Bir ay. Tam bir ay olmuştu bugün. Zaman su gibi akıp geçiyor derler ya hani,gerçekten de öyleydi. Su gibi aktı zaman daha ne olduğunu anlayamadan. Yeni ev yeni bir hayat demekti bence.Yeni hayatımızda bizi neler bekliyordu bilmiyordum ama değişiyorduk farkındaydım. Annem tekrar çalışmaya başlamıştı. Bankacılık okumuştu ve Türkiye'de adı olan bir bankada çalışmaya başlamıştı. Daha pozitif bir insan olmuştu mesela. Bir sorun mu var, büyütmek yerine en kolay çözüm yoluna gidiyordu. Parayı eskisi gibi çok sevmiyordu ya da belli etmiyordu. Fazla yoğundu. Akıcı bir şekilde İngilizce,Fransızca,Almanca ve Arapça konuşuyordu bu yüzden iş seyahatleri fazla oluyordu. Garipti ama bir şekilde yürüyordu. Bende iş arıyordum. Ama insanlar fazla zorluydu. Kolay kolay işe almıyorlardı.
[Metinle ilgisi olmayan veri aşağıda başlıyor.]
Lemma transfer_cyclic_Sylow g : g \in P -> transferP g = fmodP (g ^+ #|G : P|).
Proof.
move=> Pg; have Gg : g \in G := subsetP sPG g Pg.
have PPP : P \subset idm P @* P by rewrite morphim_idm.
have trX := transversalP (rcosets_cycle_partition sPG Gg).
rewrite /= (transfer_cycle_expansion sPG abPP Gg trX).
rewrite -(sum_index_rcosets_cycle sPG Gg trX).
rewrite (big_morph (fun n => fmodP (g ^+ n)) (id1 := 0%R) (op1 := +%R)); last first.
- by rewrite expg0 FiniteModule.fmod1.
- by move=> m n /=; rewrite expgD FiniteModule.fmodM // (subsetP PPP) ?groupX.
apply: eq_bigr => x Xx /=; set n := #|<[g]> : P :* x|.
have Gx : x \in G := subsetP (transversal_sub trX) x Xx.
have Pgnx : (g ^+ n) ^ x^-1 \in P.
  by have := mulg_exp_card_rcosets P g x; rewrite mem_rcoset conjgE invgK mulgA.
by rewrite cyclic_Sylow_conj_fixed ?groupX ?groupV.
Qed.

Lemma ker_transfer_cyclic_Sylow_TI : 'ker transferP :&: P = 1.
Proof.
apply/trivgP/subsetP => g /setIP[Kg Pg]; apply/set1P.
have PgiP : g ^+ #|G : P| \in idm P @* P by rewrite morphim_idm ?groupX.
have gi1 : g ^+ #|G : P| = 1.
  apply: (injmP (FiniteModule.injm_fmod abPP)) => //.
  by rewrite /= -transfer_cyclic_Sylow // (mker Kg) FiniteModule.fmod1.
have coPi : coprime #|P| #|G : P| := pnat_coprime (pHall_pgroup sylP) p'iGP.
by rewrite -(expgK coPi Pg) /= gi1 expg1n.
Qed.

Lemma ker_transfer_cyclic_Sylow_sdprod : 'ker transferP ><| P = G.
Proof.
have /andP[sKG nKG] := ker_normal transferP.
have TI_KP := ker_transfer_cyclic_Sylow_TI.
rewrite sdprodE ?(subset_trans sPG) //; apply/eqP; rewrite eqEcard mulG_subG sKG sPG.
rewrite TI_cardMg // -(Lagrange sKG) leq_mul2l; apply/orP; right.
have ->: #|G : 'ker transferP| = #|transferP @* G| by rewrite card_morphim setIid.
by apply: leq_trans (max_card _) _; rewrite card_sub /= morphim_idm.
Qed.

Theorem cyclic_Sylow_normal_complement : exists K : {group gT}, K ><| P = G.
Proof. by exists ('ker transferP)%G; apply: ker_transfer_cyclic_Sylow_sdprod. Qed.

End CyclicSylowTransfer.

Lemma normal_p'group_sub_pnat_index (gT : finGroupType) (G K M : {group gT}) p :
  K <| G -> p^'.-group K -> M \subset G -> p.-nat #|G : M| -> K \subset M.
Proof.
move=> /andP[sKG nKG] p'K sMG pGM.
have nKM : M \subset 'N(K) := subset_trans sMG nKG.
rewrite -indexg_eq1 -indexgI; apply/eqP; apply: (pnat_1 (pi := p)).
  rewrite indexgI -indexMg -norm_joinEl //.
  by apply: pnat_dvd pGM; rewrite indexSg ?joing_subl // join_subG sMG.
exact: pnat_dvd (dvdn_indexg _ _) p'K.
Qed.

Section SdprodCyclicSylow.

Variables (gT : finGroupType) (G K P : {group gT}) (p : nat).
Hypotheses (sylP : p.-Sylow(G) P) (cycP : cyclic P) (defG : K ><| P = G).

Let p'K : p^'.-group K.
Proof.
have [_ _ p'GP] := and3P sylP.
by rewrite /pgroup -(mulnK #|K| (cardG_gt0 P)) (sdprod_card defG) divgS ?(pHall_sub sylP).
Qed.

Lemma sdprod_cyclic_Sylow_sub_uniq (M1 M2 : {group gT}) :
  M1 \subset G -> M2 \subset G -> p.-nat #|G : M1| -> #|M1| = #|M2| -> M1 :=: M2.
Proof.
have [nsKG _ defKP _ TI_KP] := sdprod_context defG.
have decomp (M : {group gT}) : M \subset G -> p.-nat #|G : M| ->
    M :=: K * (P :&: M) /\ #|M| = (#|K| * #|P :&: M|)%N.
  move=> sMG pGM; have sKM := normal_p'group_sub_pnat_index nsKG p'K sMG pGM.
  have defM : K * (P :&: M) = M by rewrite group_modl // defKP; apply/setIidPr.
  have TI_K_PM : K :&: (P :&: M) = 1.
    by apply/trivgP; rewrite -TI_KP setIS ?subsetIl.
  by rewrite -[in #|M|]defM TI_cardMg.
move=> sM1G sM2G pGM1 cardM12.
have pGM2 : p.-nat #|G : M2| by rewrite -divgS // -cardM12 divgS.
have [defM1 cardM1] := decomp M1 sM1G pGM1.
have [defM2 cardM2] := decomp M2 sM2G pGM2.
have eqPM12 : P :&: M1 = P :&: M2.
  apply/eqP; rewrite (eq_subG_cyclic cycP) ?subsetIl //.
  by rewrite -(eqn_pmul2l (cardG_gt0 K)) -cardM1 -cardM2 cardM12.
by rewrite defM1 defM2 eqPM12.
Qed.

Lemma sdprod_cyclic_Sylow_exists_index_p :
  prime p -> p %| #|G| -> exists M : {group gT}, M \subset G /\ #|G : M| = p.
Proof.
move=> pr_p p_dvd_G; have [nsKG sPG _ nKP TI_KP] := sdprod_context defG.
have [g defP] := cyclicP cycP.
have p_dvd_g : p %| #[g].
  have p'Kp : ~~ (p %| #|K|) by rewrite -p'natE.
  by move: p_dvd_G; rewrite -(sdprod_card defG) Euclid_dvdM // (negPf p'Kp) /order -defP.
have sQP : <[g ^+ p]> \subset P by rewrite defP cycle_subG mem_cycle.
have TI_KQ : K :&: <[g ^+ p]> = 1 by apply/trivgP; rewrite -TI_KP setIS.
exists (K <*> <[g ^+ p]>)%G; split.
  by rewrite join_subG (normal_sub nsKG) (subset_trans sQP sPG).
rewrite -divgS ?join_subG ?(normal_sub nsKG) ?(subset_trans sQP sPG) //=.
rewrite norm_joinEr ?(subset_trans sQP nKP) // TI_cardMg // -/(order _) orderXdiv //.
rewrite -(sdprod_card defG) defP -/(order g) divnMl ?cardG_gt0 //.
rewrite -{1}(divnK p_dvd_g) mulKn // divn_gt0 ?prime_gt0 //.
exact: dvdn_leq (order_gt0 g) p_dvd_g.
Qed.

End SdprodCyclicSylow.

Section ZgroupIndexPdiv.

Variables (gT : finGroupType) (J : {group gT}).
Hypotheses (zJ : Zgroup J) (ntJ : 1 < #|J|).

Lemma Zgroup_pdiv_normal_complement :
  exists K P : {group gT}, [/\ (pdiv #|J|).-Sylow(J) P, cyclic P & K ><| P = J].
Proof.
have pr_p := pdiv_prime ntJ.
have [P sylP] := Sylow_exists (pdiv #|J|) J.
have cycP : cyclic P by apply: (forall_inP zJ); apply/SylowP; exists (pdiv #|J|).
have p_min q : prime q -> q %| #|J| -> pdiv #|J| <= q.
  by move=> pr_q; apply: pdiv_min_dvd (prime_gt1 pr_q).
have [K defJ] := cyclic_Sylow_normal_complement pr_p sylP cycP p_min.
by exists K, P.
Qed.

Lemma Zgroup_exists_index_pdiv : exists M : {group gT}, M \subset J /\ #|J : M| = pdiv #|J|.
Proof.
have [K [P [sylP cycP defJ]]] := Zgroup_pdiv_normal_complement.
exact: sdprod_cyclic_Sylow_exists_index_p sylP cycP defJ (pdiv_prime ntJ) (pdiv_dvd _).
Qed.

Lemma Zgroup_index_pdiv_uniq (M1 M2 : {group gT}) :
  M1 \subset J -> M2 \subset J -> #|J : M1| = pdiv #|J| -> #|M1| = #|M2| -> M1 :=: M2.
Proof.
move=> sM1J sM2J iJM1; have [K [P [sylP cycP defJ]]] := Zgroup_pdiv_normal_complement.
apply: sdprod_cyclic_Sylow_sub_uniq sylP cycP defJ _ _ sM1J sM2J _.
by rewrite iJM1 pnat_id ?pdiv_prime.
Qed.

End ZgroupIndexPdiv.

Lemma Zgroup_cyclic_Sylows (gT : finGroupType) (G : {group gT}) :
  (forall p (P : {group gT}), prime p -> P \in 'Syl_p(G) -> cyclic P) -> Zgroup G.
Proof.
by move=> cycSyl; apply/forall_inP => P /SylowP[p pr_p sylP]; apply: (cycSyl p); rewrite ?inE.
Qed.

Lemma conj_closed_normP (gT : finGroupType) (A : {set gT}) :
  reflect (forall b x, x \in A -> b * x * b^-1 \in A) ([set: gT] \subset 'N(A)).
Proof.
apply: (iffP idP) => [nA b x Ax | closedA].
  have /normP nAb := subsetP nA b^-1 (in_setT _).
  have ->: b * x * b^-1 = x ^ b^-1 by rewrite conjgE invgK mulgA.
  by rewrite -nAb memJ_conjg.
apply/subsetP => y _; rewrite inE; apply/subsetP => z; rewrite mem_conjg => Azy.
by have := closedA y^-1 _ Azy; rewrite invgK -mulgA -conjgE conjgKV.
Qed.

Section BraceGroupSets.

Variables (T : finType) (B : brace T).
Local Notation GA := (brace_add B).
Local Notation GM := (brace_mul B).
Implicit Types (J : {set T}) (A : {set GA}).

(* brace_add B and brace_mul B carry finType structures that are not convertible
   with that of T, so subsets of T are transported explicitly. *)
Definition add_set (J : {set T}) : {set GA} := [set x : GA | (x : T) \in J].
Definition mul_set (J : {set T}) : {set GM} := [set x : GM | (x : T) \in J].
Definition set_of_add (A : {set GA}) : {set T} := [set x : T | (x : GA) \in A].

Lemma card_add_set J : #|add_set J| = #|J|.
Proof. by apply: on_card_preimset; apply: onW_bij; exists id. Qed.

Lemma card_mul_set J : #|mul_set J| = #|J|.
Proof. by apply: on_card_preimset; apply: onW_bij; exists id. Qed.

Lemma card_set_of_add A : #|set_of_add A| = #|A|.
Proof. by apply: on_card_preimset; apply: onW_bij; exists id. Qed.

Lemma set_of_addK A : add_set (set_of_add A) = A.
Proof. by apply/setP => x; rewrite !inE. Qed.

Lemma add_set_group_set J : bzero B \in J ->
  (forall x y, x \in J -> y \in J -> badd B x y \in J) -> group_set (add_set J).
Proof. by move=> J0 Jadd; apply/group_setP; split=> [|x y]; rewrite !inE //; apply: Jadd. Qed.

Lemma mul_set_group_set J : bzero B \in J ->
  (forall x y, x \in J -> y \in J -> bmul B x y \in J) -> group_set (mul_set J).
Proof. by move=> J0 Jmul; apply/group_setP; split=> [|x y]; rewrite !inE //; apply: Jmul. Qed.

Lemma add_set_normP J :
  reflect (forall b x, x \in J -> badd B (badd B b x) (bneg B b) \in J)
          ([set: GA] \subset 'N(add_set J)).
Proof.
apply: (iffP (conj_closed_normP _)) => closedJ b x; have := closedJ b x;
  by rewrite !inE.
Qed.

Lemma mul_set_normP J :
  reflect (forall b x, x \in J -> bmul B (bmul B b x) (binv B b) \in J)
          ([set: GM] \subset 'N(mul_set J)).
Proof.
apply: (iffP (conj_closed_normP _)) => closedJ b x; have := closedJ b x;
  by rewrite !inE.
Qed.

Lemma blambda_morphM b :
  {in [set: GA] &, {morph (blambda B b : GA -> GA) : x y / x * y}}.
Proof.
move=> x y _ _; rewrite /blambda.
change ((bneg B b : GA) * bmul B b (badd B x y)
        = ((bneg B b : GA) * bmul B b x) * ((bneg B b : GA) * bmul B b y)).
rewrite bmulDr.
change ((bneg B b : GA) * ((bmul B b x : GA) * (bneg B b : GA) * bmul B b y)
        = ((bneg B b : GA) * bmul B b x) * ((bneg B b : GA) * bmul B b y)).
by rewrite !mulgA.
Qed.

Lemma blambda_inj b : injective (blambda B b).
Proof.
move=> x y /(mulgI (bneg B b : GA)) eq_bxy.
by apply: (mulgI (b : GM)).
Qed.

Lemma bmul_blambda x y : bmul B x y = badd B x (blambda B x y).
Proof. exact: (esym (mulKVg (x : GA) (bmul B x y))). Qed.

End BraceGroupSets.

Section ZgroupBrace.

Variables (T : finType) (B : brace T).
Local Notation GA := (brace_add B).
Local Notation GM := (brace_mul B).

Lemma lambda_stable_subbrace (A : {group GA}) :
  (forall b (x : GA), x \in A -> (blambda B b x : GA) \in A) ->
  is_subbrace B (set_of_add A).
Proof.
move=> lamA; have memA x : (x \in set_of_add A) = ((x : GA) \in A) by rewrite inE.
have A0 : bzero B \in set_of_add A by rewrite memA group1.
have Amul x y : x \in set_of_add A -> y \in set_of_add A -> bmul B x y \in set_of_add A.
  by rewrite !memA bmul_blambda => Ax Ay; rewrite (groupM Ax) ?lamA.
split=> // [x y | x | x Ax].
- by rewrite !memA; apply: groupM.
- by rewrite !memA; apply: groupVr.
have AMx : (x : GM) \in Group (mul_set_group_set A0 Amul) by rewrite inE.
by have := groupVr AMx; rewrite inE.
Qed.

Hypotheses (zgA : Zgroup [set: GA]) (zgM : Zgroup [set: GM]).

Lemma ideal_sub_index_pdiv (J : {set T}) : is_ideal B J -> 1 < #|J| ->
  exists M : {set T}, [/\ is_ideal B M, M \subset J & #|J| = (pdiv #|J| * #|M|)%N].
Proof.
case=> [[J0 Jadd _ Jmul _] JnA JnM Jlam] ntJ.
pose JA := Group (add_set_group_set J0 Jadd).
pose JM := Group (mul_set_group_set J0 Jmul).
have zJA : Zgroup JA := ZgroupS (subsetT _) zgA.
have zJM : Zgroup JM := ZgroupS (subsetT _) zgM.
have cardJA : #|JA| = #|J| := card_add_set B J.
have cardJM : #|JM| = #|J| := card_mul_set B J.
have ntJA : 1 < #|JA| by rewrite cardJA.
have ntJM : 1 < #|JM| by rewrite cardJM.
have nJA : [set: GA] \subset 'N(JA) by apply/add_set_normP.
have nJM : [set: GM] \subset 'N(JM) by apply/mul_set_normP.
have [MA [sMAJ iMA]] := Zgroup_exists_index_pdiv zJA ntJA.
have nMA : [set: GA] \subset 'N(MA).
  apply/normsP => y _; apply/esym/(Zgroup_index_pdiv_uniq zJA ntJA sMAJ _ iMA).
    by rewrite -(normsP nJA y) ?inE // conjSg.
  by rewrite cardJg.
have lamMA b (x : GA) : x \in MA -> (blambda B b x : GA) \in MA.
  pose f := Morphism (blambda_morphM (B := B) b).
  have fMA : f @* MA = MA.
    apply/esym/(Zgroup_index_pdiv_uniq zJA ntJA sMAJ _ iMA).
      rewrite /= morphimEsub ?subsetT //; apply/subsetP => _ /imsetP[z MAz ->].
      by move: (subsetP sMAJ z MAz); rewrite !inE; apply: Jlam.
    rewrite /= morphimEsub ?subsetT // card_in_imset // => z1 z2 _ _.
    exact: (@blambda_inj _ B b).
  by move=> MAx; rewrite -fMA; exact: (mem_morphim f (in_setT x) MAx).
pose M := set_of_add MA.
have subM : is_subbrace B M := lambda_stable_subbrace lamMA.
have [M0 _ _ Mmul _] := subM.
pose MM := Group (mul_set_group_set M0 Mmul).
have cardM : #|M| = #|MA| := card_set_of_add MA.
have sMMJ : MM \subset JM.
  by apply/subsetP => x; rewrite !inE => /(subsetP sMAJ); rewrite inE.
have iMM : #|JM : MM| = pdiv #|JM|.
  by rewrite -divgS // cardJM [#|MM|]card_mul_set cardM -cardJA divgS.
have nMM : [set: GM] \subset 'N(MM).
  apply/normsP => y _; apply/esym/(Zgroup_index_pdiv_uniq zJM ntJM sMMJ _ iMM).
    by rewrite -(normsP nJM y) ?inE // conjSg.
  by rewrite cardJg.
exists M; split=> //.
- split=> //; last by move=> b x; rewrite !inE; apply: lamMA.
  + by apply/add_set_normP; rewrite set_of_addK.
  + exact/mul_set_normP.
- by apply/subsetP => x; rewrite inE => /(subsetP sMAJ); rewrite inE.
- by rewrite cardM -cardJA -iMA mulnC Lagrange.
Qed.

End ZgroupBrace.

Section PrimeIdealSeries.

Variables (T : finType) (B : brace T).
"Gelmedi mi annem hala?" saat akşam on bire çeyrek vardı ve annem hala gelmemişti. Korkuyordum. Farkındaydım aramız hala pek iyi değildi ama yine de endişeleniyordum.Ne kadar kavga edersek edelim o benim annemdi ve ailemden kalan son kişi.
"Yok kuzum hala gelmedi,aradım ama telefonu kapalı." bende aramıştım. Bir saat önce meşgule atmıştı daha sonra aradığımda ise kapalıydı. Çıkıp baksam iyi olacaktı. "Ben bir çıkıp bakayım ha Ayşe Teyze,benden önce gelirse arasın zaten beni." elindeki şişleri bırakıp yanıma geldi. "Olmaz kızım geç oldu saat,başına bir şey gelir Allah korusun. Biraz daha bekleyelim olmadı beraber çıkarız." gelmezdi,kendimi koruyabilirdim. Hem annem eve geldiğinde kimseyi bulamazsa endişelenirdi. "Sen otur Ayşe Teyze ne olacak sanki. Gelirim ben hemen zaten." Ceketimi giyip kapıya ilerledim. Dolapta ayakkabılarımı aldım.
"Kızım bak kız başına çıkma gece gece." cidden nefret ediyordum bu algıdan. Ne demek kız başına çıkma. "Ayşe Teyze,bir şey olmaz! Hem çok saçma değil mi ya? Erkek olsaydım bir problem olmayacaktı ama kadınım değil mi,biri önümü keser mazallah bir zarar verir ve ben kendimi koruyamam. Çıkın şu kafadan artık ya. Hiçbir şey olmaz tamam mı,sen beni bekle geleceğim hemen." Gerçekten nefret ediyordum bu düşünceden.Sırf kadınız diye insanların bize güçsüz,korkak muamelesi yapmasından,bizelere sanki eşyayız gibi davranmalarından nefret ediyordum. Erkek kadından üstün görülmemeliydi ve aynı şekilde kadında erkekten. Hepimiz eşittik ama insanlar bunu inatla anlamak istemiyorlardı.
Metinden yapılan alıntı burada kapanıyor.